Comparada num primeiro momento ao sistema de acesso e descenso do Campeonato Brasileiro de Futebol, a fórmula da Stock Car acabou apresentando como consequência um equilíbrio técnico ainda mais contundente. ''Hoje em dia, não existem mais equipes grandes ou pequenas. Todas estão praticamente no mesmo nível, a Stock Car foi nivelada por cima'', diz o paraibano Valdeno Brito, atual líder da Copa Nextel.

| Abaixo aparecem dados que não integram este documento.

(* Let $d \ge 2$, let $k \ge 0$, and let $A^{(1)},\dots,A^{(k)}$ be arbitrary parameter matrices of the appropriate sizes. Let $P \in \{0,1\}^{d\times d}$ be any permutation matrix other than the identity. Then there exists a matrix $Y \in \mathbb{R}^{d \times d}$ such that, when the $k$-layer decoder-only (causally masked), attention-only disentangled transformer with parameters $A^{(1)},\dots,A^{(k)}$ is run on the input $X = [P; Y_P]$ with $Y_P = PY$, the matrix $Y$ does not occur as a block of the final residual stream $h^{(k)}$, i.e. $Y$ is not equal to any submatrix of $h^{(k)}$ formed by $d$ consecutive rows and $d$ consecutive columns.
   Context: A permutation matrix $P \in \{0,1\}^{d\times d}$ has $i$-th row equal to the standard basis vector $e_{\pi(i)}$ for a permutation $\pi$ of $\{1,\dots,d\}$. For a matrix $Y \in \mathbb{R}^{d\times d}$ write $Y_P = PY$; the task of inverse permutation learning is to output $Y = P^{-1}Y_P = P^\top Y_P$. The input is $X = [P; Y_P] \in \mathbb{R}^{T \times d}$ (vertical stacking), $T = 2d$, and the initial residual stream is $h^{(0)} = [X, I_T] \in \mathbb{R}^{T \times (d+T)}$ (token embedding $X$ concatenated horizontally with one-hot position embeddings). Softmax $\mathcal{S}$ is applied row-wise, $\mathcal{S}(v)_i = \exp(v_i)/\sum_j\exp(v_j)$; $\mathrm{MASK}(V)_{ij} = V_{ij}$ if $i \ge j$ and $-\infty$ otherwise. The causally masked attention layer is $\mathrm{attn}(h;A) = \mathcal{S}(\mathrm{MASK}(hAh^\top))\,h$. The disentangled transformer computes $h^{(\ell+1)} = [\,h^{(\ell)},\ \mathrm{attn}(h^{(\ell)};A^{(\ell+1)})\,]$ (horizontal concatenation) for $\ell = 0,\dots,k-1$, with $A^{(\ell+1)}$ square of size equal to the number of columns of $h^{(\ell)}$. The matrix $h^{(\ell)}$ is the residual stream at layer $\ell$; every $h^{(\ell)}$ is a submatrix of $h^{(k)}$. *)

(* concrete real numbers R, matrices as functions nat -> nat -> R
   whose entries are only meaningful inside the stated dimensions
   (entries outside are set to 0). *)
From Stdlib Require Import Reals Arith Lia.
Open Scope R_scope.

Fixpoint sumR (n : nat) (f : nat -> R) : R :=
  match n with
  | O => 0
  | S m => sumR m f + f m
  end.

Definition mat := nat -> nat -> R.

Definition perm_mx (pi : nat -> nat) : mat :=
  fun i j => if Nat.eqb j (pi i) then 1 else 0.

Definition mulmx (d : nat) (M N : mat) : mat :=
  fun i j => sumR d (fun l => M i l * N l j).

Definition ntok (d : nat) : nat := 2 * d.

(* width (number of columns) of h^(l): d + T = 3d, doubled at each layer *)
Definition width (d l : nat) : nat := 2 ^ l * (3 * d).

(* h^(0) = [X, I_T] with X = [P; Y_P], Y_P = P Y *)
Definition h0 (d : nat) (P Y : mat) : mat :=
  fun i c =>
    if Nat.ltb i (ntok d) then
      if Nat.ltb c d then
        (if Nat.ltb i d then P i c else mulmx d P Y (i - d)%nat c)
      else if Nat.ltb c (d + ntok d) then
        (if Nat.eqb (c - d)%nat i then 1 else 0)
      else 0
    else 0.

(* causally masked attention S(MASK(h A h^T)) h, for h with T rows, w columns.
   Masked entries (j > i) get weight exp(-oo) = 0, so row i is a softmax
   over j = 0..i. *)
Definition score (w : nat) (h : mat) (A : mat) (i j : nat) : R :=
  sumR w (fun a => sumR w (fun b => h i a * A a b * h j b)).

Definition attn (w : nat) (h : mat) (A : mat) : mat :=
  fun i c =>
    let Z := sumR (S i) (fun j => exp (score w h A i j)) in
    sumR (S i) (fun j => exp (score w h A i j) / Z * h j c).

Definition layer (d l : nat) (h : mat) (A : mat) : mat :=
  fun i c =>
    if Nat.ltb i (ntok d) then
      if Nat.ltb c (width d l) then h i c
      else if Nat.ltb c (2 * width d l) then attn (width d l) h A i (c - width d l)%nat
      else 0
    else 0.

(* residual stream h^(k); As l is the parameter matrix A^(l+1)
   (a (width d l) x (width d l) matrix) *)
Fixpoint resid (d : nat) (As : nat -> mat) (P Y : mat) (k : nat) : mat :=
  match k with
  | O => h0 d P Y
  | S l => layer d l (resid d As P Y l) (As l)
  end.

(* Choose Y with entries 2 + i + j, so that its largest entry M = 2d is attained
   at (d-1, d-1) and exceeds every entry of P and of the position embedding.
   In every layer, all entries stay <= M, and entries in row 0 or in a column
   >= d stay < M: causal softmax gives row 0 positive weight in every output
   row, so each attention output is a convex combination with a positive weight
   on a value < M.  Hence a block equal to Y must lie in the first d columns,
   i.e. inside X = [P; PY]; its (0,0) entry 2 rules out P, so the block is PY,
   and PY = Y would force P = I on the first column. *)
From Stdlib Require Import Reals Arith Lia Lra.
Open Scope R_scope.

Lemma sumR_ext n f g :
  (forall j, (j < n)%nat -> f j = g j) -> sumR n f = sumR n g.
Proof.
  induction n as [|n IH]; intros Hfg; simpl; auto.
  rewrite IH by (intros; apply Hfg; lia).
  now rewrite Hfg by lia.
Qed.

Lemma sumR_mult_l n a g : sumR n (fun j => a * g j) = a * sumR n g.
Proof. induction n as [|n IH]; simpl; [ring | rewrite IH; ring]. Qed.

Lemma sumR_pos n e : (forall j, 0 < e j) -> 0 < sumR (S n) e.
Proof.
  intros He; induction n as [|n IH]; simpl in *.
  - specialize (He 0%nat); lra.
  - specialize (He (S n)); lra.
Qed.

Lemma sumR_weighted_lt n e x M :
  (forall j, 0 < e j) -> (forall j, (j <= n)%nat -> x j <= M) -> x 0%nat < M ->
  sumR (S n) (fun j => e j * x j) < M * sumR (S n) e.
Proof.
  intros He Hx Hx0; induction n as [|n IH]; simpl in *.
  - specialize (He 0%nat); nra.
  - assert (IH' := IH ltac:(intros; apply Hx; lia)).
    specialize (He (S n)); specialize (Hx (S n) ltac:(lia)); nra.
Qed.

Lemma weighted_avg_lt n e x M :
  (forall j, 0 < e j) -> (forall j, (j <= n)%nat -> x j <= M) -> x 0%nat < M ->
  sumR (S n) (fun j => e j / sumR (S n) e * x j) < M.
Proof.
  intros He Hx Hx0.
  assert (HZ := sumR_pos n e He).
  rewrite (sumR_ext _ _ (fun j => / sumR (S n) e * (e j * x j)))
    by (intros; unfold Rdiv; ring).
  rewrite sumR_mult_l.
  assert (Hlt := sumR_weighted_lt n e x M He Hx Hx0).
  apply (Rmult_lt_reg_l (sumR (S n) e)); auto.
  rewrite <- Rmult_assoc, Rinv_r by lra; lra.
Qed.

Lemma attn_lt w h A M i c :
  (forall j, (j <= i)%nat -> h j c <= M) -> h 0%nat c < M -> attn w h A i c < M.
Proof.
  intros Hle Hlt; apply weighted_avg_lt; auto.
  intros; apply exp_pos.
Qed.

Lemma sumR_delta n p g :
  sumR n (fun l => (if Nat.eqb l p then 1 else 0) * g l) =
  if Nat.ltb p n then g p else 0.
Proof.
  induction n as [|n IH]; simpl.
  - now destruct (Nat.ltb_spec p 0); [lia|].
  - rewrite IH.
    destruct (Nat.eqb_spec n p), (Nat.ltb_spec p n), (Nat.ltb_spec p (S n));
      try lia; subst; ring.
Qed.

Lemma mulmx_perm_mx d pi Y i c :
  (pi i < d)%nat -> mulmx d (perm_mx pi) Y i c = Y (pi i) c.
Proof.
  intros Hpi; unfold mulmx, perm_mx.
  rewrite sumR_delta.
  now destruct (Nat.ltb_spec (pi i) d); [|lia].
Qed.

Lemma perm_mx_le1 pi i c : perm_mx pi i c <= 1.
Proof. unfold perm_mx; destruct (Nat.eqb c (pi i)); lra. Qed.

Lemma h0_top d P Y i c :
  (i < d)%nat -> (c < d)%nat -> h0 d P Y i c = P i c.
Proof.
  intros Hi Hc; unfold h0, ntok.
  destruct (Nat.ltb_spec i (2 * d)), (Nat.ltb_spec c d), (Nat.ltb_spec i d);
    lia || auto.
Qed.

Lemma h0_bottom d P Y i c :
  (d <= i)%nat -> (i < 2 * d)%nat -> (c < d)%nat -> h0 d P Y i c = mulmx d P Y (i - d)%nat c.
Proof.
  intros Hdi Hi Hc; unfold h0, ntok.
  destruct (Nat.ltb_spec i (2 * d)), (Nat.ltb_spec c d), (Nat.ltb_spec i d);
    lia || auto.
Qed.

Lemma resid_low_cols d As P Y l i c :
  (c < 3 * d)%nat -> resid d As P Y l i c = h0 d P Y i c.
Proof.
  intros Hc; induction l as [|l IH]; simpl; auto.
  unfold layer.
  assert (3 * d <= width d l)%nat.
  { unfold width.
    assert (1 <= 2 ^ l)%nat by (apply Nat.neq_0_lt_0, Nat.pow_nonzero; lia).
    nia. }
  destruct (Nat.ltb_spec i (ntok d)).
  - now destruct (Nat.ltb_spec c (width d l)); [|lia].
  - unfold h0; now destruct (Nat.ltb_spec i (ntok d)); [lia|].
Qed.

Definition capped (d : nat) (M : R) (h : mat) : Prop :=
  (forall i c, h i c <= M) /\
  (forall c, h 0%nat c < M) /\
  (forall i c, (d <= c)%nat -> h i c < M).

Lemma layer_capped d M l h A :
  0 < M -> capped d M h -> capped d M (layer d l h A).
Proof.
  intros HM (Hle & Hrow0 & Hcols).
  assert (Hattn : forall i c, attn (width d l) h A i c < M)
    by (intros; apply attn_lt; auto).
  repeat split.
  - intros i c; unfold layer.
    destruct (Nat.ltb i (ntok d)); [|lra].
    destruct (Nat.ltb c (width d l)); auto.
    destruct (Nat.ltb c (2 * width d l)); [apply Rlt_le, Hattn | lra].
  - intros c; unfold layer.
    destruct (Nat.ltb 0 (ntok d)); auto.
    destruct (Nat.ltb c (width d l)); auto.
    destruct (Nat.ltb c (2 * width d l)); auto.
  - intros i c Hc; unfold layer.
    destruct (Nat.ltb i (ntok d)); auto.
    destruct (Nat.ltb c (width d l)); auto.
    destruct (Nat.ltb c (2 * width d l)); auto.
Qed.

Lemma resid_capped d As P Y M l :
  0 < M -> capped d M (h0 d P Y) -> capped d M (resid d As P Y l).
Proof.
  intros HM H0; induction l as [|l IH]; simpl; auto.
  now apply layer_capped.
Qed.

(* The offset 2 keeps Y 0 0 out of the range {0, 1} of the entries of P. *)
Definition ramp : mat := fun i j => INR (2 + i + j).

Section RampInput.

Variables (d : nat) (pi : nat -> nat).
Hypothesis Hd : (2 <= d)%nat.
Hypothesis Hpi : forall i, (i < d)%nat -> (pi i < d)%nat.

Lemma ramp_max : ramp (d - 1)%nat (d - 1)%nat = INR (2 * d).
Proof. unfold ramp; f_equal; lia. Qed.

Lemma h0_ramp_capped : capped d (INR (2 * d)) (h0 d (perm_mx pi) ramp).
Proof.
  assert (HM : 1 < INR (2 * d)) by (apply (lt_INR 1); lia).
  assert (Hsmall : forall i c, (d <= c)%nat \/ (i < d)%nat ->
            h0 d (perm_mx pi) ramp i c <= 1).
  { intros i c Hic; unfold h0, ntok.
    destruct (Nat.ltb_spec i (2 * d)); [|lra].
    destruct (Nat.ltb_spec c d).
    - destruct (Nat.ltb_spec i d); [apply perm_mx_le1 | lia].
    - destruct (Nat.ltb c (d + 2 * d)); [|lra].
      destruct (Nat.eqb (c - d) i); lra. }
  assert (Hlt : forall i c, (d <= c)%nat \/ (i < d)%nat ->
            h0 d (perm_mx pi) ramp i c < INR (2 * d))
    by (intros; apply (Rle_lt_trans _ 1); auto).
  repeat split; try (intros; apply Hlt; lia).
  intros i c.
  destruct (Nat.lt_ge_cases c d), (Nat.lt_ge_cases i d);
    try (apply Rlt_le, Hlt; lia).
  destruct (Nat.lt_ge_cases i (2 * d)).
  - rewrite h0_bottom, mulmx_perm_mx by (try apply Hpi; lia).
    apply le_INR.
    assert (pi (i - d) < d)%nat by (apply Hpi; lia); lia.
  - unfold h0, ntok; destruct (Nat.ltb_spec i (2 * d)); [lia | lra].
Qed.

End RampInput.

Theorem theorem1 (d k : nat) (As : nat -> mat) (pi : nat -> nat) :
  (2 <= d)%nat ->
  (forall i, (i < d)%nat -> (pi i < d)%nat) ->
  (forall i j, (i < d)%nat -> (j < d)%nat -> pi i = pi j -> i = j) ->
  (exists i, (i < d)%nat /\ pi i <> i) ->
  exists Y : mat,
    forall r c : nat,
      (r + d <= ntok d)%nat -> (c + d <= width d k)%nat ->
      ~ (forall i j, (i < d)%nat -> (j < d)%nat ->
           resid d As (perm_mx pi) Y k (r + i)%nat (c + j)%nat = Y i j).
Proof.
  intros Hd Hpi _ [i0 [Hi0 Hmoved]].
  exists ramp; intros r c Hr _ Hblock; unfold ntok in Hr.
  assert (HM : 0 < INR (2 * d)) by (apply (lt_INR 0); lia).
  destruct (resid_capped d As (perm_mx pi) ramp _ k HM (h0_ramp_capped d pi Hd Hpi))
    as (_ & _ & Hcols).
  assert (Hc0 : c = 0%nat).
  { assert (Hmax := Hblock (d - 1)%nat (d - 1)%nat ltac:(lia) ltac:(lia)).
    rewrite (ramp_max d Hd) in Hmax.
    destruct (Nat.lt_ge_cases (c + (d - 1)) d) as [|Hge]; [lia|].
    specialize (Hcols (r + (d - 1))%nat _ Hge); exfalso; lra. }
  subst c.
  assert (HX : forall i j, (i < d)%nat -> (j < d)%nat ->
            h0 d (perm_mx pi) ramp (r + i)%nat j = ramp i j).
  { intros i j Hi Hj; rewrite <- (resid_low_cols d As _ _ k) by lia.
    exact (Hblock i j Hi Hj). }
  assert (Hrd : r = d).
  { assert (H00 := HX 0%nat 0%nat ltac:(lia) ltac:(lia)).
    destruct (Nat.lt_ge_cases r d); [|lia].
    rewrite h0_top in H00 by lia.
    assert (H1 := perm_mx_le1 pi (r + 0) 0).
    unfold ramp in H00; simpl in H00; lra. }
  subst r.
  assert (Hcol0 := HX i0 0%nat Hi0 ltac:(lia)).
  rewrite h0_bottom, mulmx_perm_mx in Hcol0 by (try apply Hpi; lia).
  replace (d + i0 - d)%nat with i0 in Hcol0 by lia.
  apply INR_eq in Hcol0; lia.
Qed.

Brito, que participa da principal categoria do país desde 2004, contribuiu para o domínio das equipes promovidas. Ele fechou contrato para disputar o atual campeonato poucos dias antes da primeira etapa com a RCM Motorsport, campeã da Copa Vicar em 2008. Ao vencer a segunda etapa, em Curitiba, o paraibano assumiu o primeiro lugar na tabela de pontos, liderança que vai defender hoje no Autódromo Internacional de Santa Cruz do Sul, a partir das 11 horas.
A primeira corrida do ano, realizada em Interlagos, teve Paulo Salustiano como vencedor. O paulista atua pela Vogel Motorsport, uma das equipes de maior tradição na categoria. Ele, contudo, atuou como piloto da Copa Vicar em 2008. Na prova de duas semanas atrás, em Brasília, o vencedor foi Allam Khodair. Presente na categoria desde 2005, o paulista defende o outro time que ascendeu da classe de acesso ao fim da temporada passada - a Full Time.
Brito lidera a tabela com 39 pontos, três a mais que Khodair. Salustiano é o terceiro, com 32. A partir daí, apenas seis pontos, equivalentes ao décimo lugar em uma corrida separam o quarto e o décimo na classificação geral. ''O equilíbrio é intenso, não favoritos, isso valoriza a luta por cada pontinho, que pode significar a vaga no playoff ou o retorno para a Copa Vicar'', diz o paraibano.
O sistema de acesso e descenso também mobiliza as equipes da Copa Vicar, onde a disputa por uma das duas vagas na Copa Nextel segue um formato um pouco diferente. ''Nem todas as equipes têm dois carros. As que só têm um se juntam para a soma dos pontos'', explica o paranaense Diogo Pachenki, líder da classe de acesso.
Dono do título de 2004, Pachenki vive a expectativa de classificar a ALM Pachenki Motorsport para a próxima temporada da Copa Nextel.